Are you entitled to your share of the house if it is only in your partner’s name?
By:7 commentsJune 21, 2018
As any long-time reader of this blog will be aware, I am a staunch supporter of basic property rights for cohabitees. I strongly believe that, for example, if one cohabitee makes a significant contribution towards a property owned by the other cohabitee (i.e. usually the property in which they both lived), then they should be entitled to a share of that property if the relationship breaks down. In other words, I don’t think it is fair that the owning cohabitee should benefit from the efforts of the non-owning cohabitee.
A recent case demonstrates just how hard it can be under the current law for such a ‘contributing cohabitee’ to succeed with a claim for a share in a property owned by their former partner, and perhaps, therefore, the need for a fairer system.
The case was Dobson v Griffey, heard by His Honour Paul Matthews in the High Court last month (his judgment was handed down on the 10th of May). Note that the case was heard in the Chancery Division, rather than the Family Division, as cohabitee disputes such as this are not classified as ‘family’ matters, despite obviously having a strong ‘family’ element and many of the characteristics of a family dispute following the breakdown of a marriage or civil partnership.
As we will see, the fact that it is not a ‘family’ case is not a trivial matter for the claimant, as the case is determined according to complex rules which must seem quite alien to most claimants – how they could ever deal with such a claim without specialist legal advice, I don’t know.

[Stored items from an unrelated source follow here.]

Lemma block_sub_link (F1 : {set T1}) (F2 : {set T2}) :
  is_clique adj1 F1 -> C1 \subset F1 -> is_clique adj2 F2 -> C2 \subset F2 ->
  block (F1, F2) \subset link.
Proof.
move=> cF1 sCF1 cF2 sCF2; apply/subsetP => r; rewrite inE => /andP[r1 r2].
have /linkP a1 := subsetP (clique_setD_link cF1 sCF1) _ r1.
have /linkP a2 := subsetP (clique_setD_link cF2 sCF2) _ r2.
have [_ _ col1] := pg1.
apply/linkP => c cC'.
have c1 : (val c).1 \in C1 by apply: imset_f.
have c2 : (val c).2 \in C2 by apply: imset_f.
by rewrite /pprod_adj col1 a1 ?a2.
Qed.

Lemma block_linked (F1 : {set T1}) (F2 : {set T2}) :
  star_facet n adj1 C1 F1 -> star_facet n adj2 C2 F2 ->
  linked link_rel (block (F1, F2)) (block (F1, F2)).
Proof.
move=> /and3P[cF1 _ sCF1] /and3P[cF2 _ sCF2].
apply: clique_linked; first exact: block_sub_link.
by apply: pprod_set_clique; apply: subset_clique (subsetDl _ _) _.
Qed.

Lemma block_meet1 (F1 G1 : {set T1}) (F2 : {set T2}) :
  ridge_adj n adj1 C1 F1 G1 -> star_facet n adj2 C2 F2 ->
  exists2 m, m \in block (F1, F2) & m \in block (G1, F2).
Proof.
move=> /and3P[/and3P[cF1 _ sCF1] _ ridge] /and3P[cF2 /eqP nF2 _].
have [x] : exists x, x \in (F1 :&: G1) :\: C1.
  by apply: setD_nonempty; apply: leq_ltn_trans (leq_imset_card _ _) (leq_trans lt_Cn ridge).
rewrite in_setD in_setI => /and3P[xNC xF1 xG1].
have [y yF2 yx] := facet_colors pc2 cF2 nF2 (part1 x).
have yNC : y \notin C2.
  by apply: contraNN xNC => yC; apply: (mem_pproj1_of_part cF1 sCF1 xF1 yC).
have xy : part1 x == part2 y by rewrite yx.
by exists (Sub (x, y) xy); rewrite inE /= !in_setD ?xNC ?yNC ?xF1 ?xG1 ?yF2.
Qed.

Lemma block_meet2 (F1 : {set T1}) (F2 G2 : {set T2}) :
  star_facet n adj1 C1 F1 -> ridge_adj n adj2 C2 F2 G2 ->
  exists2 m, m \in block (F1, F2) & m \in block (F1, G2).
Proof.
move=> /and3P[cF1 /eqP nF1 _] /and3P[/and3P[cF2 _ sCF2] _ ridge].
have [y] : exists y, y \in (F2 :&: G2) :\: C2.
  by apply: setD_nonempty; apply: leq_ltn_trans (leq_imset_card _ _) (leq_trans lt_Cn ridge).
rewrite in_setD in_setI => /and3P[yNC yF2 yG2].
have [x xF1 xy] := facet_colors pc1 cF1 nF1 (part2 y).
have xNC : x \notin C1.
  by apply: contraNN yNC => xC; apply: (mem_pproj2_of_part cF2 sCF2 yF2 xC).
have xy' : part1 x == part2 y by rewrite xy.
by exists (Sub (x, y) xy'); rewrite inE /= !in_setD ?xNC ?yNC ?xF1 ?yF2 ?yG2.
Qed.
Lemma frege_provable_mono s s' f : s <= s' -> frege_provable s f -> frege_provable s' f.
Proof. intros H [L [HL Hs]]. exists L; split; [exact HL|lia]. Qed.

Lemma frege_provable_mp s1 s2 A B :
  frege_provable s1 A -> frege_provable s2 (FImp A B) ->
  frege_provable (s1 + s2 + form_size B) B.
Proof.
  intros [L1 [H1 S1]] [L2 [H2 S2]]. exists (B :: L2 ++ L1). split.
  - eapply frege_proof_mp; eassumption.
  - simpl. rewrite proof_size_app. lia.
Qed.

(* Every intermediate conclusion is a subformula of the implication proved in
   size [t], so each modus ponens step costs at most [t]. *)
Lemma frege_provable_rule As B ss t :
  Forall2 frege_provable ss As -> frege_provable t (fold_right FImp B As) ->
  frege_provable (list_sum ss + S (length As) * t) B.
Proof.
  intros Hs Ht.
  enough (Hgen : forall u, frege_provable u (fold_right FImp B As) ->
            frege_provable (u + list_sum ss + length As * t) B)
    by (eapply frege_provable_mono; [|exact (Hgen t Ht)]; lia).
  pose proof (frege_provable_size _ _ Ht) as Hsize. clear Ht.
  induction Hs as [|s A ss As HA Hs IH]; intros u Hu; simpl in *.
  - eapply frege_provable_mono; [|exact Hu]. lia.
  - pose proof (frege_provable_mp _ _ _ _ HA Hu) as Hmp.
    eapply frege_provable_mono; [|apply (IH ltac:(lia) _ Hmp)]. lia.
Qed.

Fixpoint subst (s : nat -> form) (f : form) : form :=
  match f with
  | FVar i => s i
  | FTop => FTop
  | FBot => FBot
  | FNot A => FNot (subst s A)
  | FAnd A B => FAnd (subst s A) (subst s B)
  | FOr A B => FOr (subst s A) (subst s B)
  | FImp A B => FImp (subst s A) (subst s B)
  | FXor A B => FXor (subst s A) (subst s B)
  end.

Ltac choose_disjunct := repeat (solve [left; reflexivity] || right); try reflexivity.

Lemma frege_axiom_subst s f : frege_axiom f -> frege_axiom (subst s f).
Proof.
  intros (A & B & C & H). exists (subst s A), (subst s B), (subst s C).
  repeat destruct H as [H|H]; subst; simpl; choose_disjunct.
Qed.

Lemma frege_derivation_subst s L :
  frege_derivation L -> frege_derivation (map (subst s) L).
Proof.
  induction 1 as [|f L _ IH [Hax|[A [H1 H2]]]]; simpl; constructor; auto.
  - left; now apply frege_axiom_subst.
  - right; exists (subst s A).
    split; [exact (in_map (subst s) _ _ H1)|exact (in_map (subst s) _ _ H2)].
Qed.

(* Variables beyond the list are sent to [FTop], the default of [nth]. *)
Definition list_subst (l : list form) (i : nat) : form := nth i l FTop.

Definition weight (l : list form) : nat := S (list_sum (map form_size l)).
Lemma C1_near_of_partials f D p :
  near p (fun y => forall i, (i < 3)%nat -> dir_deriv_at f y (ebasis i) (D i y)) ->
  cont_at f p -> (forall i, (i < 3)%nat -> cont_at (D i) p) -> C1_near f p.
Proof.
  intros HD Hf HC. repeat split; [| exact Hf |].
  - refine (near_mono p _ _ _ HD). intros y H i Hi.
    unfold partial. rewrite (dd_eq _ _ _ _ (H i Hi)). exact (H i Hi).
  - intros i Hi. apply (cont_at_ext_near (D i)); [|exact (HC i Hi)].
    apply (near_mono p _ _ (fun y H => eq_sym (dd_eq _ _ _ _ (H i Hi))) HD).
Qed.

Lemma C1_near_plus f g p : C1_near f p -> C1_near g p -> C1_near (fun y => f y + g y) p.
Proof.
  intros (Df & Cf & Cdf) (Dg & Cg & Cdg).
  apply (C1_near_of_partials _ (fun i y => partial i f y + partial i g y)).
  - apply (near_mono p _ _ (fun y H i Hi => dir_deriv_at_plus _ _ _ _ _ _
      (proj1 H i Hi) (proj2 H i Hi))).
    now apply near_and.
  - now apply cont_at_plus.
  - intros i Hi. now apply cont_at_plus; [apply Cdf | apply Cdg].
Qed.

Lemma C1_near_mult f g p : C1_near f p -> C1_near g p -> C1_near (fun y => f y * g y) p.
Proof.
  intros (Df & Cf & Cdf) (Dg & Cg & Cdg).
  apply (C1_near_of_partials _ (fun i y => partial i f y * g y + f y * partial i g y)).
  - apply (near_mono p _ _ (fun y H i Hi => dir_deriv_at_mult _ _ _ _ _ _
      (proj1 H i Hi) (proj2 H i Hi))).
    now apply near_and.
  - now apply cont_at_mult.
  - intros i Hi. apply cont_at_plus; apply cont_at_mult; auto.
Qed.

Lemma C1_near_partial_at f p i : C1_near f p -> (i < 3)%nat ->
  dir_deriv_at f p (ebasis i) (partial i f p).
Proof. intros [HD _] Hi. exact (near_center p _ HD i Hi). Qed.

Lemma smooth_partial O f i : (i < 3)%nat -> smooth O f -> smooth O (partial i f).
Proof. intros Hi Hs k. exact (proj2 (proj2 (Hs (S k))) i Hi). Qed.

Lemma smooth_C1_near O f p : smooth O f -> near p O -> C1_near f p.
Proof.
  intros Hs HO. destruct (Hs 2%nat) as (Hc & Hd & Hp).
  repeat split.
  - apply (near_mono p O); [|exact HO]. intros y Sy i Hi. now apply dd_spec, Hd.
  - now apply Hc, near_center.
  - intros i Hi. now apply (proj1 (Hp i Hi)), near_center.
Qed.

Definition dot (u w : V3) : R := sum3 (fun i => coord u i * coord w i).

Definition grad (f : V3 -> R) (y : V3) : V3 := mkV3 (partial 0 f y) (partial 1 f y) (partial 2 f y).

Lemma vf_apply_dot X f y : vf_apply X f y = dot (X y) (grad f y).
Proof. reflexivity. Qed.

Lemma dot_comm u w : dot u w = dot w u.
Proof. unfold dot, sum3. ring. Qed.

Lemma dot_vsub_vscale_l u w c z : dot (vsub u (vscale c w)) z = dot u z - c * dot w z.
Proof. unfold dot, sum3, vsub, vadd, vscale; simpl. ring. Qed.

Lemma dot_lin_comb_l w (c : nat -> R) (u : nat -> V3) z :
  (forall m, (m < 3)%nat -> coord w m = sum3 (fun k => c k * coord (u k) m)) ->
  dot w z = sum3 (fun k => c k * dot (u k) z).
Proof.
  intro H. unfold dot at 1, sum3 at 1. rewrite (H 0%nat), (H 1%nat), (H 2%nat) by lia.
  unfold dot, sum3. ring.
Qed.

Definition C1VF_near (X : VF) (p : V3) : Prop :=
  forall i, (i < 3)%nat -> C1_near (fun y => coord (X y) i) p.

Definition C2_near (f : V3 -> R) (p : V3) : Prop :=
  C1_near f p /\ forall i, (i < 3)%nat -> C1_near (partial i f) p.

Lemma smooth_C2_near O f p : smooth O f -> near p O -> C2_near f p.
Proof.
  intros Hs HO. split; [now apply (smooth_C1_near O)|].
  intros i Hi. apply (smooth_C1_near O); [now apply smooth_partial | exact HO].
Qed.

Lemma smoothVF_C1VF_near O X p : smoothVF O X -> near p O -> C1VF_near X p.
Proof. intros HX HO i Hi. exact (smooth_C1_near O _ p (HX i Hi) HO). Qed.

Lemma vf_apply_C1_near X f p : C1VF_near X p -> C2_near f p -> C1_near (vf_apply X f) p.
Proof.
  intros HX [_ Hf]. unfold vf_apply, sum3.
  repeat apply C1_near_plus; apply C1_near_mult; first [apply HX | apply Hf]; lia.
Qed.

Lemma C2_near_partial_comm f p i j : C2_near f p -> (i < 3)%nat -> (j < 3)%nat ->
  partial i (partial j f) p = partial j (partial i f) p.
Proof.
  intros [(Df & _) Hf] Hi Hj. apply partial_comm.
  - destruct (Hf i Hi) as (Dfi & _); destruct (Hf j Hj) as (Dfj & _).
    refine (near_mono p _ _ _ (near_and p _ _ Df (near_and p _ _ Dfi Dfj))).
    intros y (H & Hfi & Hfj). repeat split; eexists; auto.
  - apply (Hf j Hj); exact Hi.
  - apply (Hf i Hi); exact Hj.
Qed.

Lemma partial_sum3_mult (f g : nat -> V3 -> R) p j :
  (forall i, (i < 3)%nat -> dir_deriv_at (f i) p (ebasis j) (partial j (f i) p)) ->
  (forall i, (i < 3)%nat -> dir_deriv_at (g i) p (ebasis j) (partial j (g i) p)) ->
  partial j (fun y => sum3 (fun i => f i y * g i y)) p
  = sum3 (fun i => partial j (f i) p * g i p + f i p * partial j (g i) p).
Proof.
  intros Hf Hg. apply dd_eq. unfold sum3.
  repeat apply dir_deriv_at_plus; apply dir_deriv_at_mult; first [apply Hf | apply Hg]; lia.
Qed.

Lemma vf_apply_bracket X Z f p : C1VF_near X p -> C1VF_near Z p -> C2_near f p ->
  vf_apply X (vf_apply Z f) p - vf_apply Z (vf_apply X f) p = vf_apply (bracket X Z) f p.
Proof.
  intros HX HZ Hf.
  assert (HD : forall Y, C1VF_near Y p -> forall j, (j < 3)%nat ->
            partial j (vf_apply Y f) p
            = sum3 (fun i => partial j (fun y => coord (Y y) i) p * partial i f p
                             + coord (Y p) i * partial j (partial i f) p)).
  { intros Y HY j Hj. apply (partial_sum3_mult (fun i y => coord (Y y) i) (fun i => partial i f));
      intros i Hi; apply C1_near_partial_at; auto; apply (proj2 Hf i Hi). }
  unfold vf_apply at 1 3, sum3 at 1 2.
  rewrite !HD by (auto; lia). unfold sum3.
  rewrite (C2_near_partial_comm f p 0 1), (C2_near_partial_comm f p 0 2),
    (C2_near_partial_comm f p 1 2) by (auto; lia).
  unfold bracket, bracket_comp, vf_apply, sum3. simpl. ring.
Qed.

Lemma dA_bracket al X Z p :
  (forall i, (i < 3)%nat -> C1_near (fun y => coord (al y) i) p) ->
  C1VF_near X p -> C1VF_near Z p ->
  dA al p (X p) (Z p)
  = vf_apply X (fun y => form_eval al y (Z y)) p - vf_apply Z (fun y => form_eval al y (X y)) p
    - form_eval al p (bracket X Z p).
Proof.
  intros Hal HX HZ.
  assert (HD : forall Y, C1VF_near Y p -> forall j, (j < 3)%nat ->
            partial j (fun y => form_eval al y (Y y)) p
            = sum3 (fun i => partial j (fun y => coord (al y) i) p * coord (Y p) i
                             + coord (al p) i * partial j (fun y => coord (Y y) i) p)).
  { intros Y HY j Hj. apply (partial_sum3_mult (fun i y => coord (al y) i) (fun i y => coord (Y y) i));
      intros i Hi; apply C1_near_partial_at; auto. }
  unfold vf_apply at 1 2, sum3 at 1 2.
  rewrite !HD by (auto; lia).
  unfold dA, form_eval, bracket, bracket_comp, vf_apply, sum3. simpl. ring.
Qed.

Lemma vf_apply_locally_const X f p : near p (fun y => f y = f p) -> vf_apply X f p = 0.
Proof.
  intro H. unfold vf_apply, sum3, partial.
  rewrite !(dd_eq _ _ _ _ (dir_deriv_at_locally_const f p _ H)). ring.
Qed.

Lemma derivative_along_curve f p gam w :
  C1_near f p -> has_velocity gam w -> gam 0 = p ->
  derivable_pt_lim (fun t => f (gam t)) 0 (dot w (grad f p)).
Proof. intros (HD & _ & HC) Hv Hg0. exact (chain_rule_curve f _ p gam w HD HC Hv Hg0). Qed.

Lemma tangent_grad_zero f N y w :
  C1_near f y -> near y (fun z => N z -> f z = 0) -> tangent N y w -> dot w (grad f y) = 0.
Proof.
  intros Hf Hzero [gam [[HN Hg0] Hv]].
  apply (uniqueness_limite (fun t => f (gam t)) 0).
  - exact (derivative_along_curve f y gam w Hf Hv Hg0).
  - apply (derivable_pt_lim_ext_near0 (fun _ => 0)); [|apply derivable_pt_lim_const].
    rewrite <- Hg0 in Hzero.
    apply (near0_mono (fun t => N (gam t) -> f (gam t) = 0)); [intros t H; symmetry; auto|].
    exact (near_curve gam w _ Hv Hzero).
Qed.

Lemma near_neq0 f p : cont_at f p -> f p <> 0 -> near p (fun y => f y <> 0).
Proof.
  intros Hf Hp. apply (near_mono p (fun y => Rabs (f y - f p) < Rabs (f p))).
  - intros y Hy Hy0. rewrite Hy0, Rminus_0_l, Rabs_Ropp in Hy. lra.
  - apply Hf, Rabs_pos_lt, Hp.
Qed.

Lemma derivN_div N f p q x w :
  C1_near p x -> C1_near q x -> q x <> 0 ->
  near x (fun z => N z -> q z <> 0 -> f z = p z / q z) ->
  derivN N f x w ((dot w (grad p x) * q x - dot w (grad q x) * p x) / (q x)²).
Proof.
  intros Hp Hq Hq0 Hf gam [HN Hg0] Hv.
  pose proof (derivable_pt_lim_div (fun t => p (gam t)) (fun t => q (gam t)) 0 _ _
    (derivative_along_curve p x gam w Hp Hv Hg0) (derivative_along_curve q x gam w Hq Hv Hg0)
    ltac:(cbv beta; rewrite Hg0; exact Hq0)) as Hdiv.
  cbv beta in Hdiv. rewrite Hg0 in Hdiv.
  refine (derivable_pt_lim_ext_near0 _ _ _ _ Hdiv).
  rewrite <- Hg0 in Hf, Hq0. destruct Hq as (_ & Cq & _). rewrite <- Hg0 in Cq.
  apply (near0_mono (fun t => (N (gam t) -> q (gam t) <> 0 -> f (gam t) = p (gam t) / q (gam t))
                              /\ q (gam t) <> 0)).
  - intros t [Ht Hqt]. unfold div_fct. symmetry. auto.
  - exact (near_curve gam w _ Hv (near_and _ _ _ Hf (near_neq0 q _ Cq Hq0))).
Qed.

Definition det3 (u v w : V3) : R :=
  c0 u * (c1 v * c2 w - c2 v * c1 w) - c1 u * (c0 v * c2 w - c2 v * c0 w)
  + c2 u * (c0 v * c1 w - c1 v * c0 w).

Lemma det3_mul a r s u v w :
  det3 a r s * det3 u v w =
  det3 (mkV3 (dot a u) (dot a v) (dot a w)) (mkV3 (dot r u) (dot r v) (dot r w))
       (mkV3 (dot s u) (dot s v) (dot s w)).
Proof. destruct a, r, s, u, v, w; unfold det3, dot, sum3; simpl. ring. Qed.

Lemma det3_neq0_of_dual u v w a r s :
  dot a u = 1 -> dot a v = 0 -> dot a w = 0 ->
  dot r v = 1 -> dot r w = 0 -> dot s v = 0 -> dot s w = 1 ->
  det3 u v w <> 0.
Proof.
  intros Hau Hav Haw Hrv Hrw Hsv Hsw H0.
  pose proof (det3_mul a r s u v w) as Hm.
  rewrite H0, Rmult_0_r, Hau, Hav, Haw, Hrv, Hrw, Hsv, Hsw in Hm.
  unfold det3 in Hm; simpl in Hm. lra.
Qed.

Lemma dot_eq0_of_det3_neq0 u v w d : det3 u v w <> 0 ->
  dot d u = 0 -> dot d v = 0 -> dot d w = 0 -> d = vzero.
Proof.
  intros Hdet Hu Hv Hw.
  assert (Cramer : forall k, det3 u v w * coord d k =
     dot d u * coord (mkV3 (c1 v * c2 w - c2 v * c1 w) (c2 v * c0 w - c0 v * c2 w)
                           (c0 v * c1 w - c1 v * c0 w)) k
   + dot d v * coord (mkV3 (c1 w * c2 u - c2 w * c1 u) (c2 w * c0 u - c0 w * c2 u)
                           (c0 w * c1 u - c1 w * c0 u)) k
   + dot d w * coord (mkV3 (c1 u * c2 v - c2 u * c1 v) (c2 u * c0 v - c0 u * c2 v)
                           (c0 u * c1 v - c1 u * c0 v)) k).
  { intros [|[|k]]; destruct d, u, v, w; unfold det3, dot, sum3; simpl; ring. }
  rewrite Hu, Hv, Hw in Cramer.
  assert (Hk : forall k, coord d k = 0).
  { intro k. apply (Rmult_eq_reg_l (det3 u v w)); [|exact Hdet]. rewrite Cramer. ring. }
  destruct d; unfold vzero; f_equal; [apply (Hk 0%nat) | apply (Hk 1%nat) | apply (Hk 2%nat)].
Qed.

(** * Adapted frames *)

Definition lower (g : V3 -> nat -> nat -> R) (y u : V3) : V3 :=
  mkV3 (sum3 (fun i => g y i 0%nat * coord u i)) (sum3 (fun i => g y i 1%nat * coord u i))
       (sum3 (fun i => g y i 2%nat * coord u i)).

Lemma ip_lower g y u w : ip g y u w = dot (lower g y u) w.
Proof. unfold ip, dot, lower, sum3; simpl. ring. Qed.

Lemma ip_comm g y u w : (forall i j, g y i j = g y j i) -> ip g y u w = ip g y w u.
Proof.
  intro Hg. unfold ip, sum3.
  rewrite (Hg 1%nat 0%nat), (Hg 2%nat 0%nat), (Hg 2%nat 1%nat). ring.
Qed.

Anyway, to the facts of the case.
The relationship between the parties began in October 2004, and by August 2006 they were living together, in a rented property. In February 2007 the defendant, Mr Griffey, purchased a farm in his sole name, with the aid of a mortgage. The parties lived together in the farmhouse. Their relationship broke down in December 2011, and the claimant, Ms Dobson, moved out in the following year. Between the purchase of the farm and the breakdown of the relationship various works of renovation and improvement were carried out to the farm, first to the stables and other parts to be used as a livery business, and later to the farmhouse itself.
HHJ Matthews explained Ms Dobson’s case thus:
“The claimant’s case is that, before the property was bought, there was an agreement between them as to their respective rights in relation to it and that the claimant relied to her detriment on that agreement by carrying out some of the works of renovation and improvement. Alternatively, an agreement to similar effect is to be inferred from the course of dealing between them. She has a fallback position that she had an expectation of being able to live at the farm for the rest of her life.”
Mr Griffey denied that there was any such agreement, and also minimised the extent to which Ms Dobson carried out or contributed to the works of renovation.
Obviously, Ms Dobson could not rely upon any law akin to that available upon divorce, where the court can adjust ownership of property, as it thinks fit. Instead, she had to rely upon the doctrines of ‘constructive trust’ and/or ‘proprietary estoppel’. These are explained by HHJ Matthews in his judgment, but essentially a ‘constructive trust’ is where the parties had a common intention that the property should be shared, and the non-owner acts to her detriment, in reliance of that intention. ‘Proprietary estoppel’ is similar, whereby the owner “by his words or conduct makes an assurance to or creates an expectation in the claimant.”
To cut a long story short, HHJ Matthews found that Ms Dobson had done “significant work” to the property, had “made a real contribution by her labour and her supervision”, and during one period “did a great deal of heavy and laborious work”, which “amounted to a significant contribution to the renovations.” However, he held that none of this was done for the purpose of financial gain – her labour and commitment were simply “understandable in the context of their relationship and their intended long-term future together with children.”
Further, and crucially, whatever Ms Dobson’s intentions, HHJ Matthews could not infer that Mr Griffey’s intentions were to agree to share the property, or any profit that might be derived from it, with Ms Dobson. He had paid for everything, and had made no promise or assurance to Ms Dobson of an interest in the property, or that she could remain there for the rest of her life.
Accordingly, Ms Dobson’s claim was dismissed.
Has the law treated Ms Dobson unfairly? Well, to be honest, this is not necessarily a cut and dried case. The relevant part of the relationship was only four years, and there were no children. The typical sort of case where I see real unfairness, and therefore the need for reform, is where the relationship is much longer, often with children, and the non-owning party has therefore devoted a considerable part of their life to it – in those circumstances, I do not think it is fair that she (and it usually is ‘she’) should come away with nothing.